If someone asked a sample of adults to record how many alcoholic drinks they consumed in the last month (or year!), do you really believe A). people actually track that; and B). they would be totally honest about how much booze they’re sucking down?
Answer: No, I don’t.
Getting to the bottom line
Finally, there’s one other source of information on commonsense dietary recommendations: Me.
I don’t say that as if I’m some sort of expert, although I am a university-certified Community Health Educator. I make that assertion based on 35 years of wading through studies such as the one published in the Annals of Internal Medicine, along with reviewing literally thousands of articles such as the one written by Dr. Hsleh.
After decades of such toil, I’m an expert on sifting through scientific studies to ascertain the conclusions that researchers always couch in layers of technical verbiage so deep you’d need a metaphorical jackhammer to cut through it.

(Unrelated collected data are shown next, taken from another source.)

Lemma cont_on_unif_cont a b f : a <= b -> cont_on a b f -> forall eps, 0 < eps ->
  exists del, 0 < del /\ forall x y, a <= x <= b -> a <= y <= b ->
    Rabs (x - y) < del -> Rabs (f x - f y) < eps.
Proof.
  intros Hab Hf eps Heps.
  destruct (Heine (fun x => f (clamp a b x)) (fun c => a <= c <= b) (compact_P3 a b)
     (fun c _ => cont_on_clamp a b f Hab Hf c) (mkposreal eps Heps)) as [del Hdel].
  exists del; split; [apply cond_pos |]. intros x y Hx Hy Hxy.
  pose proof (Hdel x y Hx Hy Hxy) as H. simpl in H.
  rewrite (clamp_id a b x), (clamp_id a b y) in H by assumption. exact H.
Qed.

Lemma abs_diff_le_supf a b f g x : cont_on a b f -> cont_on a b g -> a <= x <= b ->
  Rabs (f x - g x) <= supf a b (fun s => Rabs (f s - g s)).
Proof.
  intros Hf Hg Hx.
  destruct (cont_on_bounded a b f ltac:(lra) Hf) as [Mf HMf].
  destruct (cont_on_bounded a b g ltac:(lra) Hg) as [Mg HMg].
  apply (le_supf a b (fun s => Rabs (f s - g s)) (Mf + Mg) x Hx). intros y Hy.
  eapply Rle_trans; [apply Rabs_triang | rewrite Rabs_Ropp].
  specialize (HMf y Hy). specialize (HMg y Hy). lra.
Qed.

Lemma is_C0_cont_on K g : is_C0 g -> cont_on 0 K g.
Proof.
  intros Hg x Hx eps Heps. destruct (Hg x (proj1 Hx) eps Heps) as [del [Hdel Hclose]].
  exists del; split; [exact Hdel |]. intros y Hy. apply Hclose; lra.
Qed.

Definition delta_u_term (f g : R -> R) (n : nat) : R :=
  (/ 2) ^ (n + 1) * Rmin 1 (supf 0 (INR n) (fun r => Rabs (f r - g r))).
(* The length complexity of $\mathsf{C\text{-}RASP}_+$ (with $\mathsf{C\text{-}RASP}_+$ programs as representations and program size as descriptional complexity) is exponential in the size of the program: there is a polynomial $q$ such that any two $\mathsf{C\text{-}RASP}_+$ programs of size at most $c$ defining different languages are distinguished by a string of length at most $2^{q(c)}$, and exponential length is needed in the worst case.
   Context: $\mathsf{C\text{-}RASP}_+$ formulas over a finite alphabet $\Sigma$: $\phi ::= \sigma \mid \neg\phi \mid \phi_1\wedge\phi_2 \mid \sum_{t\in\mathcal T}\alpha_t t\sim k$, terms $t ::= \#[\phi] \mid c$, with $\sigma\in\Sigma$, $\alpha_t,k,c\in\mathbb{N}$, ${\sim}\in\{\ge,>,=,<,\le\}$. At position $i$ of $w$: $w,i\models\sigma$ iff $w_i=\sigma$; Boolean connectives as usual; $\#[\phi]$ evaluates to $|\{j\in[1,i]: w,j\models\phi\}|$, $c$ to $c$, comparisons are integer comparisons. $w\models\phi$ iff $w,|w|\models\phi$; $L(\phi)=\{w:w\models\phi\}$. Programs are straight-line (DAG) representations with references to earlier lines; size is the number of symbols with constants in binary and references counted as 1. The length complexity is $f(c)=\max\{\min\{|w| : w\in L(E)\setminus L(E')\} : E,E' \text{ programs of size}\le c,\ L(E)\setminus L(E')\neq\emptyset\}$. *)

From mathcomp Require Import all_boot.
Set Implicit Arguments. Unset Strict Implicit. Unset Printing Implicit Defensive.

Inductive cmpop := CGe | CGt | CEq | CLt | CLe.

Definition cmp_eval (o : cmpop) (x y : nat) : bool :=
  match o with
  | CGe => y <= x | CGt => y < x | CEq => x == y | CLt => x < y | CLe => x <= y
  end.

(* Terms: #[phi] where phi is a reference to an earlier line, or a constant c. *)
Inductive term := TCount of nat | TConst of nat.

(* One line of a straight-line C-RASP_+ program.  References are indices
   (0-based) of earlier lines. *)
Inductive node (Sigma : Type) :=
  | NSym of Sigma
  | NNot of nat
  | NAnd of nat & nat
  | NCmp of seq (nat * term) & cmpop & nat.  (* sum_t alpha_t t  ~  k *)

Definition program (Sigma : Type) := seq (node Sigma).

Definition refs_ok (k : nat) (t : term) : bool :=
  if t is TCount j then j < k else true.

Definition node_wf Sigma (k : nat) (n : node Sigma) : bool :=
  match n with
  | NSym _ => true
  | NNot i => i < k
  | NAnd i j => (i < k) && (j < k)
  | NCmp ts _ _ => all (fun p => refs_ok k p.2) ts
  end.

Definition wf Sigma (E : program Sigma) : bool :=
  (0 < size E) && all (fun p => node_wf p.1 p.2) (zip (iota 0 (size E)) E).

(* positions are 1-based: w,i |= sigma iff w_i = sigma (false at i = 0) *)
Definition sym_at (Sigma : eqType) (w : seq Sigma) (s : Sigma) (i : nat) : bool :=
  (0 < i) && (nth None (map Some w) i.-1 == Some s).

Definition count_upto (f : nat -> bool) (i : nat) : nat :=
  \sum_(1 <= j < i.+1) f j.

Definition term_val (vals : seq (nat -> bool)) (t : term) (i : nat) : nat :=
  match t with
  | TCount j => count_upto (nth (fun _ => false) vals j) i
  | TConst c => c
  end.

Definition node_eval (Sigma : eqType) (w : seq Sigma) (vals : seq (nat -> bool))
    (n : node Sigma) : nat -> bool :=
  match n with
  | NSym s => sym_at w s
  | NNot i => fun p => ~~ nth (fun _ => false) vals i p
  | NAnd i j => fun p => nth (fun _ => false) vals i p && nth (fun _ => false) vals j p
  | NCmp ts o k => fun p =>
      cmp_eval o (\sum_(a <- ts) a.1 * term_val vals a.2 p) k
  end.

Definition prog_vals (Sigma : eqType) (w : seq Sigma) (E : program Sigma)
  : seq (nat -> bool) :=
  foldl (fun vals n => rcons vals (node_eval w vals n)) [::] E.

Definition accepts (Sigma : eqType) (E : program Sigma) (w : seq Sigma) : bool :=
  last (fun _ => false) (prog_vals w E) (size w).

(* length of the binary representation of n (bits 0 = 1) *)
Definition bits (n : nat) : nat := (trunc_log 2 n).+1.

Definition term_size (t : term) : nat :=
  match t with
  | TCount _ => 2          (* the symbol # and one reference *)
  | TConst c => bits c
  end.

Definition node_size Sigma (n : node Sigma) : nat :=
  match n with
  | NSym _ => 1
  | NNot _ => 2            (* ~ and a reference *)
  | NAnd _ _ => 3          (* /\ and two references *)
  | NCmp ts _ k =>
      1 + bits k + \sum_(a <- ts) (1 + bits a.1 + term_size a.2)
      (* relation symbol, constant k, and per summand: a '+' , alpha, term *)
  end.

Definition psize Sigma (E : program Sigma) : nat := \sum_(n <- E) node_size n.

(* polynomial with natural coefficients (constant coefficient first) *)
Definition polyval (q : seq nat) (c : nat) : nat := foldr (fun a acc => a + c * acc) 0 q.

From mathcomp Require Import all_boot zify.
Set Implicit Arguments. Unset Strict Implicit. Unset Printing Implicit Defensive.

(* Once every comparison constant of a program is below M, the truth value of
   a line depends on the counts #[phi] only through min(#[phi], M).  Call a
   position i flat when no such capped count of E or E' changes from i to
   i + 1: deleting the letter at position i + 1 (if it is not the last one)
   then moves the value of every line at every later position one step left,
   so acceptance by E and E' is preserved.  The sum of all capped counts is nondecreasing,
   bounded by (|E| + |E'|) M, and grows at every non-flat position, so a word
   longer than (|E| + |E'|) M + 1 can always be shortened; M = 2^c gives
   witnesses of length 2^O(c).  Conversely, the program #[s] >= 2^m has size
   m + 7 and every word it accepts has length at least 2^m. *)

Lemma count_upto0 (f : nat -> bool) : count_upto f 0 = 0.
Proof. by rewrite /count_upto big_geq. Qed.

Lemma count_uptoS (f : nat -> bool) i : count_upto f i.+1 = count_upto f i + f i.+1.
Proof. by rewrite /count_upto big_nat_recr. Qed.

Lemma count_upto_le (f : nat -> bool) i : count_upto f i <= i.
Proof. by elim: i => [|i IH]; rewrite ?count_upto0 // count_uptoS; case: (f _); lia. Qed.

Lemma count_upto_id (f : nat -> bool) i : (forall j, 0 < j <= i -> f j) -> count_upto f i = i.
Proof.
elim: i => [|i IH] f_pos; first exact: count_upto0.
rewrite count_uptoS IH ?f_pos ?leqnn ?addn1 // => j /andP[j_gt0 j_le].
by apply: f_pos; rewrite j_gt0 ltnW.
Qed.

Lemma count_upto_mono (f : nat -> bool) i : count_upto f i <= count_upto f i.+1.
Proof. by rewrite count_uptoS leq_addr. Qed.

Lemma minn_capD M x1 x2 y1 y2 : minn x1 M = minn x2 M -> minn y1 M = minn y2 M ->
  minn (x1 + y1) M = minn (x2 + y2) M.
Proof. lia. Qed.

Lemma minn_capM M a x y : minn x M = minn y M -> minn (a * x) M = minn (a * y) M.
Proof.
move=> xy; have [-> //|[Mx My]] : x = y \/ M <= x /\ M <= y by lia.
case: a => [|a]; first by rewrite !mul0n.
have : M <= a.+1 * x by nia. have : M <= a.+1 * y by nia. lia.
Qed.

Lemma cmp_eval_minn o S k M : k < M -> cmp_eval o S k = cmp_eval o (minn S M) k.
Proof. by case: o => /=; lia. Qed.
(* Let $S$ be a closed (compact, connected, oriented, without boundary) surface of genus $g\ge1$ and $M$ a single point of $S$. Then every ideal triangulation of $(S,M)$ has property (T4): at the puncture at least four arcs are incident.
   Context: Arcs incident to a puncture are counted with multiplicity: an arc with both endpoints at the puncture counts twice. *)

From mathcomp Require Import all_boot all_fingroup.
Set Implicit Arguments. Unset Strict Implicit. Unset Printing Implicit Defensive.

(* A triangulated combinatorial map on darts D (half-edges = ends of arcs):
   - [edge] is a fixed-point-free involution pairing the two ends of an arc;
   - [node] rotates (counter-clockwise) around a marked point (puncture);
   - [face] walks around a triangle; edge \o node \o face = id (hypermap
     convention); every face orbit has exactly 3 darts (ideal triangles,
     self-folded ones allowed);
   - the map is connected (the surface is connected).
   Orientability comes from the rotation system. *)
Definition triangulated_map (D : finType) (edge node face : {perm D}) : Prop :=
  [/\ forall x, edge (node (face x)) = x,
      forall x, edge (edge x) = x /\ edge x != x,
      forall x, fingraph.order face x = 3,
      (0 < #|D|)%N &
      forall x y, connect (fun a b => [|| b == edge a, b == node a | b == face a]) x y].

Definition n_punctures (D : finType) (node : {perm D}) : nat := fcard node D.
Definition n_arcs (D : finType) (edge : {perm D}) : nat := fcard edge D.
Definition n_triangles (D : finType) (face : {perm D}) : nat := fcard face D.

(* The surface has genus g: Euler characteristic V - E + F = 2 - 2g. *)
Definition has_genus (D : finType) (edge node face : {perm D}) (g : nat) : Prop :=
  (n_punctures node + n_triangles face + 2 * g = n_arcs edge + 2)%N.

Definition ideal_triangulation (D : finType) (edge node face : {perm D})
  (g m : nat) : Prop :=
  [/\ triangulated_map edge node face, has_genus edge node face g &
      n_punctures node = m].

(* Number of arcs incident to the puncture containing dart x, counted with
   multiplicity (an arc with both ends there counts twice) = number of
   arc-ends (darts) around that puncture. *)
Definition puncture_degree (D : finType) (node : {perm D}) (x : D) : nat :=
  fingraph.order node x.

From mathcomp Require Import all_boot all_fingroup.
From mathcomp Require Import zify.

(* Each arc contributes two darts and each triangle three, so with a single
   puncture Euler's relation [1 - #|D|/2 + #|D|/3 = 2 - 2g] forces
   [#|D| = 12g - 6]; all darts lie around the puncture, whose degree is
   therefore [12g - 6 >= 6]. *)

Set Implicit Arguments.
Unset Strict Implicit.
Unset Printing Implicit Defensive.

Section PermOrbits.

Variables (T : finType) (f : {perm T}).

Lemma fcard_const_order k :
  (forall x, fingraph.order f x = k) -> (fcard f T * k = #|T|)%N.
Proof.
move=> ordk; rewrite -(@fcard_order_set _ f (@perm_inj _ f) k T) //.
by apply/subsetP => y _; rewrite inE ordk.
Qed.

Lemma order_fpf_involution x : f (f x) = x -> f x != x -> fingraph.order f x = 2.
Proof.
move=> ffx fx_neq; apply: (@order_cycle _ f [:: x; f x]) => /=.
- by rewrite ffx !eqxx.
- by rewrite inE eq_sym fx_neq.
- by rewrite inE eqxx.
Qed.

Lemma order_single_orbit x : fcard f T = 1 -> fingraph.order f x = #|T|.
Proof.
move=> one_orbit; apply/eqP; rewrite eqn_leq max_card /=.
apply/subset_leq_card/subsetP => y _; rewrite inE.
apply/negPn/negP => not_xy.
have : (1 < fcard f T)%N.
  apply/fcard_gt1P; [exact: perm_inj | by move=> ? ? _ | by exists x; [|exists y]].
by rewrite one_orbit.
Qed.

End PermOrbits.

Lemma triangulation_card_darts (D : finType) (edge node face : {perm D}) :
  triangulated_map edge node face ->
  (n_arcs edge * 2 = #|D|)%N /\ (n_triangles face * 3 = #|D|)%N.
Proof.
case=> _ edge_fpf face3 _ _; split; last exact: fcard_const_order.
by apply: fcard_const_order => y; have [] := edge_fpf y; exact: order_fpf_involution.
Qed.

Lemma puncture_degree_once_punctured (g : nat) (D : finType)
    (edge node face : {perm D}) (x : D) :
  ideal_triangulation edge node face g 1 ->
  puncture_degree node x = (12 * g - 6)%N.
Proof.
case=> map_edge genus one_puncture.
have [darts_arcs darts_triangles] := triangulation_card_darts map_edge.
rewrite /puncture_degree order_single_orbit //.
by move: genus; rewrite /has_genus one_puncture; lia.
Qed.

Theorem lemma5p3 (g : nat) (D : finType) (edge node face : {perm D}) :
  (1 <= g)%N ->
  ideal_triangulation edge node face g 1 ->
  forall x : D, (4 <= puncture_degree node x)%N.
Proof.
move=> g_pos tri x; rewrite (puncture_degree_once_punctured x tri).
lia.
Qed.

So trust me when I say that we can have a high level of confidence that consuming beef, pork and poultry isn’t the cause of modern society’s laundry list of chronic disease, based on millennia of human experience, based on the realities of human physiology and based on any and every definition of what’s natural and normal in terms of dietary choices and traditions.
Read the entire Annals report, if you like. It’s highly informative, in the same sense that paging through a dictionary is “informative” in regard to language usage.
Or look up Dr. Hsleh’s Forbes article. You’ll come away slightly more enlightened about scientific methodologies, such as the GRADE system, but it’ll be 30 minutes of your life you’ll never get back.
Or simply accept the truth that a healthy diet can and should include animal foods, with the understanding that the disease conditions responsible for the trillions Americans spend on healthcare are caused by everything else: consumption of junk foods and soft drinks, sedentary lifestyles, high-stress jobs, environmental pollution, exposure to toxic chemicals, and the list goes on.
Forget the “low-certainty evidence” of the research consortium and continue to include animal foods in your daily diets.
That’s not a cautious recommendation. That’s a no-brainer.
The opinions in this commentary are those of Dan Murphy, an award-winning journalist and commentator.